### INSTRUCTIONS FOR THE TASK
Each line below should be restated exactly, with nothing dropped.

### INPUT DATA
Lemma sqnorm_gt0 (u : vec) : u != 0 -> 0 < sqnorm u.
Proof.
move=> u_neq0; rewrite lt_def sqnorm_ge0 andbT; apply: contra u_neq0.
rewrite psumr_eq0 => [/allP u0|i _]; last by rewrite -expr2 sqr_ge0.
apply/eqP/rowP => j; have /implyP/(_ isT) := u0 j (mem_index_enum j).
by rewrite mxE mulf_eq0 orbb => /eqP.
Qed.

Lemma dotv_delta (u : vec) (i : 'I_d) : dotv u (delta_mx 0 i) = u 0 i.
Proof.
rewrite /dotv (bigD1 i) //= big1 => [|j /negbTE ji].
  by rewrite !mxE !eqxx mulr1 addr0.
by rewrite !mxE ji andbF mulr0.
Qed.

Lemma sqnorm_delta (i : 'I_d) : sqnorm (delta_mx 0 i : vec) = 1.
Proof. by rewrite /sqnorm dotv_delta mxE !eqxx. Qed.

End SqNorm.

Section Quadratic.
Variables (R : realType) (d : nat).
Notation vec := 'rV[R]_d.

Definition quad (a : R) (y x : vec) : R := a * sqnorm (x - y).

Lemma quad_ge0 a y x : 0 <= a -> 0 <= quad a y x.
Proof. by move=> a_ge0; rewrite mulr_ge0 ?sqnorm_ge0. Qed.

Lemma quad_at_center a y : quad a y y = 0.
Proof. by rewrite /quad subrr sqnorm0 mulr0. Qed.

Global Instance is_derive_coord_shift (y x v : vec) (i : 'I_d) :
  is_derive x v (fun z : vec => z 0 i - y 0 i) (v 0 i).
Proof.
have quot : (fun h : R => h^-1 *: (((fun z : vec => z 0 i - y 0 i) \o shift x)
    (h *: v) - (x 0 i - y 0 i))) @ 0^' --> v 0 i.
  apply: cvg_near_cst; near=> h.
  have h_neq0 : h != 0 by near: h; exact: nbhs_dnbhs_neq.
  rewrite /= !mxE -[X in X = _]/(h^-1 * _).
  by rewrite opprB addrA subrK addrK mulrA mulVf // mul1r.
apply: DeriveDef; first by apply/cvg_ex; exists (v 0 i).
exact: cvg_lim quot.
Unshelve. all: by end_near.
Qed.

Lemma quad_sum_coord a y : quad a y =
  cst a * \sum_(i < d) ((fun z : vec => z 0 i - y 0 i) * (fun z => z 0 i - y 0 i)).
Proof.
apply/funext => z; rewrite /quad /sqnorm /dotv /= fct_sumE; congr (_ * _).
by apply: eq_bigr => i _; rewrite !mxE.
Qed.

Lemma is_derive_quad a y x v : is_derive x v (quad a y) (2 * a * dotv (x - y) v).
Proof.
rewrite quad_sum_coord; apply: is_derive_eq.
rewrite scaler0 addr0 /dotv scaler_sumr mulr_sumr; apply: eq_bigr => i _.
by rewrite /GRing.scale /= !mxE; ring.
Qed.

Lemma grad_quad a y x : grad (quad a y) x = (2 * a) *: (x - y).
Proof.
apply/rowP => i; rewrite !mxE.
by have [_ ->] := is_derive_quad a y x (delta_mx 0 i); rewrite dotv_delta !mxE.
Qed.

Lemma differentiable_quad a y x : differentiable (quad a y) x.
Proof.
rewrite quad_sum_coord; apply: differentiableM; first exact: differentiable_cst.
apply: differentiable_sum => i.
have coord_diff : differentiable (fun z : vec => z 0 i - y 0 i) x.
  by apply: differentiableB; [exact: differentiable_coord|exact: differentiable_cst].
exact: differentiableM.
Qed.

Lemma quad_bregman a y x z :
  quad a y z - quad a y x - dotv (grad (quad a y) x) (z - x) = a * sqnorm (z - x).
Proof.
rewrite grad_quad /quad /sqnorm /dotv !mulr_sumr -!sumrB.
by apply: eq_bigr => i _; rewrite !mxE; ring.
Qed.

Lemma admissible_quad mu L T (f : nat -> vec -> R) : 0 <= mu ->
  (forall t, (1 <= t <= T)%N ->
     exists2 a, mu / 2 <= a <= L / 2 & exists y, f t = quad a y) ->
  admissible mu L T f.
Proof.
move=> mu_ge0 f_quad t /f_quad [a /andP[mu_le_a a_le_L] [y ->]].
have a_ge0 : 0 <= a by apply: le_trans mu_le_a; rewrite divr_ge0.
split; [|split]; first by move=> x; exact: quad_ge0.
  exact: differentiable_quad.
by move=> x z; rewrite quad_bregman !ler_wpM2r ?sqnorm_ge0.
Qed.

End Quadratic.

Section Online.
Variables (R : realType) (d : nat).
Notation vec := 'rV[R]_d.
Implicit Types (f g : nat -> vec -> R) (xs ys : nat -> vec).

Lemma alg_action_local (A : algorithm R d) f g t :
  (forall s, (0 < s < t)%N -> f s = g s) -> alg_action A f t = alg_action A g t.
Proof.
case: t => [//|t] fg; rewrite /alg_action /oracle.
have -> // : (fun s q => if (0 < s < t.+1)%N then grad (f s) q else 0) =
             (fun s q => if (0 < s < t.+1)%N then grad (g s) q else 0).
by apply/funext => s; apply/funext => q; case: ifP => // /fg ->.
Qed.

Lemma eq_cost T f xs ys :
  (forall t, (t <= T)%N -> xs t = ys t) -> cost T f xs = cost T f ys.
Proof.
move=> xy; apply: eq_big_nat => t /andP[t_gt0 t_le]; rewrite !xy //.
by rewrite (leq_trans (leq_pred t)).
Qed.

Lemma cost_zero_path T f : cost T f (fun=> 0) = \sum_(1 <= t < T.+1) f t 0.
Proof. by apply: eq_bigr => t _; rewrite subrr sqnorm0 mulr0 addr0. Qed.

Lemma cost_ge0 T f xs : (forall t x, 0 <= f t x) -> 0 <= cost T f xs.
Proof.
move=> f_ge0; apply: sumr_ge0 => t _.
by rewrite addr_ge0 ?mulr_ge0 ?invr_ge0 ?sqnorm_ge0.
Qed.

Lemma cost_ge_last T f xs :
  (forall t x, 0 <= f t x) -> (0 < T)%N -> f T (xs T) <= cost T f xs.
Proof.
move=> f_ge0; case: T => // T _; rewrite /cost big_nat_recr //= -[leLHS]add0r.
by rewrite lerD ?lerDl ?mulr_ge0 ?invr_ge0 ?sqnorm_ge0 // (cost_ge0 T xs).
Qed.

### RESPONSE BELOW
Lemma sqnorm_gt0 (u : vec) : u != 0 -> 0 < sqnorm u.
Proof.
move=> u_neq0; rewrite lt_def sqnorm_ge0 andbT; apply: contra u_neq0.
rewrite psumr_eq0 => [/allP u0|i _]; last by rewrite -expr2 sqr_ge0.
apply/eqP/rowP => j; have /implyP/(_ isT) := u0 j (mem_index_enum j).
by rewrite mxE mulf_eq0 orbb => /eqP.
Qed.

Lemma dotv_delta (u : vec) (i : 'I_d) : dotv u (delta_mx 0 i) = u 0 i.
Proof.
rewrite /dotv (bigD1 i) //= big1 => [|j /negbTE ji].
  by rewrite !mxE !eqxx mulr1 addr0.
by rewrite !mxE ji andbF mulr0.
Qed.

Lemma sqnorm_delta (i : 'I_d) : sqnorm (delta_mx 0 i : vec) = 1.
Proof. by rewrite /sqnorm dotv_delta mxE !eqxx. Qed.

End SqNorm.

Section Quadratic.
Variables (R : realType) (d : nat).
Notation vec := 'rV[R]_d.

Definition quad (a : R) (y x : vec) : R := a * sqnorm (x - y).

Lemma quad_ge0 a y x : 0 <= a -> 0 <= quad a y x.
Proof. by move=> a_ge0; rewrite mulr_ge0 ?sqnorm_ge0. Qed.

Lemma quad_at_center a y : quad a y y = 0.
Proof. by rewrite /quad subrr sqnorm0 mulr0. Qed.

Global Instance is_derive_coord_shift (y x v : vec) (i : 'I_d) :
  is_derive x v (fun z : vec => z 0 i - y 0 i) (v 0 i).
Proof.
have quot : (fun h : R => h^-1 *: (((fun z : vec => z 0 i - y 0 i) \o shift x)
    (h *: v) - (x 0 i - y 0 i))) @ 0^' --> v 0 i.
  apply: cvg_near_cst; near=> h.
  have h_neq0 : h != 0 by near: h; exact: nbhs_dnbhs_neq.
  rewrite /= !mxE -[X in X = _]/(h^-1 * _).
  by rewrite opprB addrA subrK addrK mulrA mulVf // mul1r.
apply: DeriveDef; first by apply/cvg_ex; exists (v 0 i).
exact: cvg_lim quot.
Unshelve. all: by end_near.
Qed.

Lemma quad_sum_coord a y : quad a y =
  cst a * \sum_(i < d) ((fun z : vec => z 0 i - y 0 i) * (fun z => z 0 i - y 0 i)).
Proof.
apply/funext => z; rewrite /quad /sqnorm /dotv /= fct_sumE; congr (_ * _).
by apply: eq_bigr => i _; rewrite !mxE.
Qed.

Lemma is_derive_quad a y x v : is_derive x v (quad a y) (2 * a * dotv (x - y) v).
Proof.
rewrite quad_sum_coord; apply: is_derive_eq.
rewrite scaler0 addr0 /dotv scaler_sumr mulr_sumr; apply: eq_bigr => i _.
by rewrite /GRing.scale /= !mxE; ring.
Qed.

Lemma grad_quad a y x : grad (quad a y) x = (2 * a) *: (x - y).
Proof.
apply/rowP => i; rewrite !mxE.
by have [_ ->] := is_derive_quad a y x (delta_mx 0 i); rewrite dotv_delta !mxE.
Qed.

Lemma differentiable_quad a y x : differentiable (quad a y) x.
Proof.
rewrite quad_sum_coord; apply: differentiableM; first exact: differentiable_cst.
apply: differentiable_sum => i.
have coord_diff : differentiable (fun z : vec => z 0 i - y 0 i) x.
  by apply: differentiableB; [exact: differentiable_coord|exact: differentiable_cst].
exact: differentiableM.
Qed.

Lemma quad_bregman a y x z :
  quad a y z - quad a y x - dotv (grad (quad a y) x) (z - x) = a * sqnorm (z - x).
Proof.
rewrite grad_quad /quad /sqnorm /dotv !mulr_sumr -!sumrB.
by apply: eq_bigr => i _; rewrite !mxE; ring.
Qed.

Lemma admissible_quad mu L T (f : nat -> vec -> R) : 0 <= mu ->
  (forall t, (1 <= t <= T)%N ->
     exists2 a, mu / 2 <= a <= L / 2 & exists y, f t = quad a y) ->
  admissible mu L T f.
Proof.
move=> mu_ge0 f_quad t /f_quad [a /andP[mu_le_a a_le_L] [y ->]].
have a_ge0 : 0 <= a by apply: le_trans mu_le_a; rewrite divr_ge0.
split; [|split]; first by move=> x; exact: quad_ge0.
  exact: differentiable_quad.
by move=> x z; rewrite quad_bregman !ler_wpM2r ?sqnorm_ge0.
Qed.

End Quadratic.

Section Online.
Variables (R : realType) (d : nat).
Notation vec := 'rV[R]_d.
Implicit Types (f g : nat -> vec -> R) (xs ys : nat -> vec).

Lemma alg_action_local (A : algorithm R d) f g t :
  (forall s, (0 < s < t)%N -> f s = g s) -> alg_action A f t = alg_action A g t.
Proof.
case: t => [//|t] fg; rewrite /alg_action /oracle.
have -> // : (fun s q => if (0 < s < t.+1)%N then grad (f s) q else 0) =
             (fun s q => if (0 < s < t.+1)%N then grad (g s) q else 0).
by apply/funext => s; apply/funext => q; case: ifP => // /fg ->.
Qed.

Lemma eq_cost T f xs ys :
  (forall t, (t <= T)%N -> xs t = ys t) -> cost T f xs = cost T f ys.
Proof.
move=> xy; apply: eq_big_nat => t /andP[t_gt0 t_le]; rewrite !xy //.
by rewrite (leq_trans (leq_pred t)).
Qed.

Lemma cost_zero_path T f : cost T f (fun=> 0) = \sum_(1 <= t < T.+1) f t 0.
Proof. by apply: eq_bigr => t _; rewrite subrr sqnorm0 mulr0 addr0. Qed.

Lemma cost_ge0 T f xs : (forall t x, 0 <= f t x) -> 0 <= cost T f xs.
Proof.
move=> f_ge0; apply: sumr_ge0 => t _.
by rewrite addr_ge0 ?mulr_ge0 ?invr_ge0 ?sqnorm_ge0.
Qed.

Lemma cost_ge_last T f xs :
  (forall t x, 0 <= f t x) -> (0 < T)%N -> f T (xs T) <= cost T f xs.
Proof.
move=> f_ge0; case: T => // T _; rewrite /cost big_nat_recr //= -[leLHS]add0r.
by rewrite lerD ?lerDl ?mulr_ge0 ?invr_ge0 ?sqnorm_ge0 // (cost_ge0 T xs).
Qed.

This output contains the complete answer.